Only lines holding "then" are needed; copy each of them from the data below.

_Records provided_
-*-
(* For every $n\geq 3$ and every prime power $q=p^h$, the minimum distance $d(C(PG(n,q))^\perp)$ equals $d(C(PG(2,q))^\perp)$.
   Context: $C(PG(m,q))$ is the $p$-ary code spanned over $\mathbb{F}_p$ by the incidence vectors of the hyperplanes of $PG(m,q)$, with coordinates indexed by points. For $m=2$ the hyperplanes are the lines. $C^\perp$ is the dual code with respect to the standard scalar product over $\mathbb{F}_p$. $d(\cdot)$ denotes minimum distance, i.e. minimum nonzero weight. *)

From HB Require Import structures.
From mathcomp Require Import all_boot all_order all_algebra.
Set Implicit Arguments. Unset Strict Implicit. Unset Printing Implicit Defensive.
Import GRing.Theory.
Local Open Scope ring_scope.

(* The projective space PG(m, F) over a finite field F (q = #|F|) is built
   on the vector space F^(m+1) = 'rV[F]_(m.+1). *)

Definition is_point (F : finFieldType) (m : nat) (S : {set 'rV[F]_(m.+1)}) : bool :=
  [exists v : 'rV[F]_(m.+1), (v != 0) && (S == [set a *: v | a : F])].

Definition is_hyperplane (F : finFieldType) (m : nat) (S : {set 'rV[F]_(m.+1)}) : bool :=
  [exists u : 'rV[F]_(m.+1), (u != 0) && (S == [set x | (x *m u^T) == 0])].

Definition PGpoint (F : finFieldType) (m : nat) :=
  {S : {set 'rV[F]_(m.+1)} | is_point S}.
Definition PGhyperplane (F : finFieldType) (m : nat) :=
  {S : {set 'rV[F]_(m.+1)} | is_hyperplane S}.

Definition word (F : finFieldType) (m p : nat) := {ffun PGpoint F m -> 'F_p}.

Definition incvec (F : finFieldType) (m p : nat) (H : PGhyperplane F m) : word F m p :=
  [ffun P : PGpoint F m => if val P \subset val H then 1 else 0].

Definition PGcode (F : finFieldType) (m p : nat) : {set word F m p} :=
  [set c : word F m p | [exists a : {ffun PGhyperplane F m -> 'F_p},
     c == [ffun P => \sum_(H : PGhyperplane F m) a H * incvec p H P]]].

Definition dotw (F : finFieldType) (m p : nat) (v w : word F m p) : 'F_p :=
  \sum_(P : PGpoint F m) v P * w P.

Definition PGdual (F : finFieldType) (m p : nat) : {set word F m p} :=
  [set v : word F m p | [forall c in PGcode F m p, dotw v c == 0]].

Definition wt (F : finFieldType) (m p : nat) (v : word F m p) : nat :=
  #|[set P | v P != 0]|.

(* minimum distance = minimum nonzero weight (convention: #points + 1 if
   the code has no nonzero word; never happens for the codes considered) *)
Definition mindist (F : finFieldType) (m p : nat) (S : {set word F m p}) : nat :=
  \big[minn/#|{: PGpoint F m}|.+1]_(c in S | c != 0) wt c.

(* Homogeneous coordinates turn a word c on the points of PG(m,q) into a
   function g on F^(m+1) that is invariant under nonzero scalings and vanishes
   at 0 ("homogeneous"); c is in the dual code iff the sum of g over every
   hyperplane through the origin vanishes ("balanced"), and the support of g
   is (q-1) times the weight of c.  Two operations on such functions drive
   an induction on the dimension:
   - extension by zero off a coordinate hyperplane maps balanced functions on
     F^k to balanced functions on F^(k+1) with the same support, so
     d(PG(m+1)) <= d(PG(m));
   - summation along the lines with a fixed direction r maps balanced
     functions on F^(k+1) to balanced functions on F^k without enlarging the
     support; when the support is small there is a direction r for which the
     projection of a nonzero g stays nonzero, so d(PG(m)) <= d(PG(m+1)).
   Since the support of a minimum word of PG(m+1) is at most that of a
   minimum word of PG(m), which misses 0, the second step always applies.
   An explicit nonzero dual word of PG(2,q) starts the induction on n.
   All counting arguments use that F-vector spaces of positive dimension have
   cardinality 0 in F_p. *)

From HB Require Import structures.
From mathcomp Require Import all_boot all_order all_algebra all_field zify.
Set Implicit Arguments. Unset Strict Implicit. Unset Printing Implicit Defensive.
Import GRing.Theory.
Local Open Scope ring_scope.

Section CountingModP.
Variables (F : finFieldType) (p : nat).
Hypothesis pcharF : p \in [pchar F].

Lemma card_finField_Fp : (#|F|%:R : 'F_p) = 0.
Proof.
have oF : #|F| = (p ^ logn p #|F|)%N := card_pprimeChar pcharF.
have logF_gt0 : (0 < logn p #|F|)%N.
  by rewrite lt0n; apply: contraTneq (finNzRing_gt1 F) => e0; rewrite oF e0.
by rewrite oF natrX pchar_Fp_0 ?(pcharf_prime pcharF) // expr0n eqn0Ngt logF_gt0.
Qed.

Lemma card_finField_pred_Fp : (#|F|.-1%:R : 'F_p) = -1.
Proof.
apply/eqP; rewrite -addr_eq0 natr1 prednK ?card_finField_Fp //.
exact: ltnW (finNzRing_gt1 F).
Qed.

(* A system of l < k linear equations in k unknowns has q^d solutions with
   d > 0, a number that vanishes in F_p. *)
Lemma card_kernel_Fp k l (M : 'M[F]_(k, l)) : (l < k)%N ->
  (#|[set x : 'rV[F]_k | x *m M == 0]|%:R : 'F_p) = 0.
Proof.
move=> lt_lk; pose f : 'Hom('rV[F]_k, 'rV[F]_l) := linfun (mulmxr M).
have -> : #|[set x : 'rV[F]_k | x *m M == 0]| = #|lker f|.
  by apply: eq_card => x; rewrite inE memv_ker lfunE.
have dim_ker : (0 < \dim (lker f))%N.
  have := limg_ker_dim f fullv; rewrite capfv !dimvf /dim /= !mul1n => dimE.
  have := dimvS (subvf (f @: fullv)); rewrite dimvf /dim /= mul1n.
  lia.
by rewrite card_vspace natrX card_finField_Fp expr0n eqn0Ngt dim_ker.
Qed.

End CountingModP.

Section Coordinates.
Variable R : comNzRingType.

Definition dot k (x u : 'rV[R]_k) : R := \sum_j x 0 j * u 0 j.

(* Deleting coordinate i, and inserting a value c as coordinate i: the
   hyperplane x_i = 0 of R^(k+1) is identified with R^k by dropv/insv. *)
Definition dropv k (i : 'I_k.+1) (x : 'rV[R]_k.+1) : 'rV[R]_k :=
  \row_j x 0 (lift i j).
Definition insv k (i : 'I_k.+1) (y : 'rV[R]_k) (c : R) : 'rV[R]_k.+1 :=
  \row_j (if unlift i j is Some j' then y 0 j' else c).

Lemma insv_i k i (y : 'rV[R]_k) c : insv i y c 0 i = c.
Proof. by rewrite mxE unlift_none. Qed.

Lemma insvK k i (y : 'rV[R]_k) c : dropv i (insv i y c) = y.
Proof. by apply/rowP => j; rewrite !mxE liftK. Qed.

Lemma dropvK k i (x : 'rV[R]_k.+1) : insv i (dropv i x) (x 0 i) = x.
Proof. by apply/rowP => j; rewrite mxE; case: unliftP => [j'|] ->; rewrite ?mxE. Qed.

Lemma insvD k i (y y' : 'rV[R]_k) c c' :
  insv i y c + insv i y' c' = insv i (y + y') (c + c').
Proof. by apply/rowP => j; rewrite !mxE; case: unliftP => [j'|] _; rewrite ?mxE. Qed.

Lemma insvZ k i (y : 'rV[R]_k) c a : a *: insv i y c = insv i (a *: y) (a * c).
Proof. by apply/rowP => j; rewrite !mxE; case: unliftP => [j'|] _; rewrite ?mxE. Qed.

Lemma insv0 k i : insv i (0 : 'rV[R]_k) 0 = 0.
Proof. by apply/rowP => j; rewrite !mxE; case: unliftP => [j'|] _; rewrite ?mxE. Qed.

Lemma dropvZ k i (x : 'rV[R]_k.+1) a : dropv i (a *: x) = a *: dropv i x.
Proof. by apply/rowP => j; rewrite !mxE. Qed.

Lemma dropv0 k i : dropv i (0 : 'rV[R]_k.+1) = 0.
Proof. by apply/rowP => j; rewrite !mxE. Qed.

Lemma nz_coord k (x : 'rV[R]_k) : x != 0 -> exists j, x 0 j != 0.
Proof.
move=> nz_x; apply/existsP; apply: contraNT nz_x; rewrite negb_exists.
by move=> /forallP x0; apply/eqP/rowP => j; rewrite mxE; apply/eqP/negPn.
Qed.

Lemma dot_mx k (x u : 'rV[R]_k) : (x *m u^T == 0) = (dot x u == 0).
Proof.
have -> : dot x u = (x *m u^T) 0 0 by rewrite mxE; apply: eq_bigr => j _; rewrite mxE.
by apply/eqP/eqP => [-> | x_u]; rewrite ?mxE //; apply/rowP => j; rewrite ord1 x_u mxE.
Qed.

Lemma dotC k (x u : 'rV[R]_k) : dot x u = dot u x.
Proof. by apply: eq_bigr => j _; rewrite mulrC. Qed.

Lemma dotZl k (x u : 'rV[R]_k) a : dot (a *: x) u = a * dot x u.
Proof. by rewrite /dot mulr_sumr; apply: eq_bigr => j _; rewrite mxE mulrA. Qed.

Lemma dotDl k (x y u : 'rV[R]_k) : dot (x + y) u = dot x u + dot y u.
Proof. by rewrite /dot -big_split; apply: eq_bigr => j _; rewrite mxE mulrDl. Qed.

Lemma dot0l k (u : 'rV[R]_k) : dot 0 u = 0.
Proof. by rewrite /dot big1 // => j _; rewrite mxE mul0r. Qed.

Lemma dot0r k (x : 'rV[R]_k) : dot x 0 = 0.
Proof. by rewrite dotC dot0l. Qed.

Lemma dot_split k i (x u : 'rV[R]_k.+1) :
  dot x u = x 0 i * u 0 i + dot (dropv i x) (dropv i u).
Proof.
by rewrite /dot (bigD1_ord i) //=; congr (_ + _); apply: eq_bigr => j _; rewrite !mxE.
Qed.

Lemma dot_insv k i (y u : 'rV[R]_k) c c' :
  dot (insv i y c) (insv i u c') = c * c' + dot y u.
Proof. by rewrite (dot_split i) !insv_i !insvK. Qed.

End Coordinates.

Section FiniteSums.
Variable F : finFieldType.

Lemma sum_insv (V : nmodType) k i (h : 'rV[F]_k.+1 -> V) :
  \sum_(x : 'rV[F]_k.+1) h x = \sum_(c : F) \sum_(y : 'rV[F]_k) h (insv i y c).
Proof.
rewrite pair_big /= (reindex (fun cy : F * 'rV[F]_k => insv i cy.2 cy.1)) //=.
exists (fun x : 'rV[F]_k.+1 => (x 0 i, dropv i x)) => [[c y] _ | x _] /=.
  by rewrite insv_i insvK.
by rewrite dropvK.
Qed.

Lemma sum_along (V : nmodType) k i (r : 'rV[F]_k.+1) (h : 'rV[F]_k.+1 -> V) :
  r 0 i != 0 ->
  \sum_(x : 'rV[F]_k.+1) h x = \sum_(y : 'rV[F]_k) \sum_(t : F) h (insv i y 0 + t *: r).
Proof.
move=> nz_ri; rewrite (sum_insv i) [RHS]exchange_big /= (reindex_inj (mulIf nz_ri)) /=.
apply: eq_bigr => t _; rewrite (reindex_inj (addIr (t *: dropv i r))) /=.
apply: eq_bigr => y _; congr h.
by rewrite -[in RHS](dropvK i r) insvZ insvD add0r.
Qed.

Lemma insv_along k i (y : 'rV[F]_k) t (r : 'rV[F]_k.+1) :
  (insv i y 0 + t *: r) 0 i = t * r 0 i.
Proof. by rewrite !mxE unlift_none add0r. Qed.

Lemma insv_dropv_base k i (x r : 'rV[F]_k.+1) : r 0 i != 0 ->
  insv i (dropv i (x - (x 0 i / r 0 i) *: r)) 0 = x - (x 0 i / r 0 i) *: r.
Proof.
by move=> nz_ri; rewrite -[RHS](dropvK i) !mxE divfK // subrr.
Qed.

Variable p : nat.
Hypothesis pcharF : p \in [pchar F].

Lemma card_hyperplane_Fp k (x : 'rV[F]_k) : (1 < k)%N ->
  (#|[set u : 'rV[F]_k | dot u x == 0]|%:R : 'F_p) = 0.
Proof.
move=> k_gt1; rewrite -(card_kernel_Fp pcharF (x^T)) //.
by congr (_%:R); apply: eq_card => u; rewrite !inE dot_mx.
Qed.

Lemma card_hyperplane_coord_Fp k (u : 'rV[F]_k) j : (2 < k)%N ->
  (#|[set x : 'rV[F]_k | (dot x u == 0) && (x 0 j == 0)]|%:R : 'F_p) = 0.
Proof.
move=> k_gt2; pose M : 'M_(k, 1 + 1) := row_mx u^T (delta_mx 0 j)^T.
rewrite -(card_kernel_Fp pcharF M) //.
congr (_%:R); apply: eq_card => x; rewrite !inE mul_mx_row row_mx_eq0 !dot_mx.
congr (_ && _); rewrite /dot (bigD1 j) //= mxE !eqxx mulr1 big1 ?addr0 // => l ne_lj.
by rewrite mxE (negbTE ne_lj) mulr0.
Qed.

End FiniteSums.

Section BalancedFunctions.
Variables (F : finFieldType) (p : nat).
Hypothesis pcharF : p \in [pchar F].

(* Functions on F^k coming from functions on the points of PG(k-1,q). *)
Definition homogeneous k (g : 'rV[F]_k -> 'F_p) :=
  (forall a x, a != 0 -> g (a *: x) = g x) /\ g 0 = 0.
-*-
_Solution to this problem_
  [ffun P : PGpoint F m => if val P \subset val H then 1 else 0].
  \row_j (if unlift i j is Some j' then y 0 j' else c).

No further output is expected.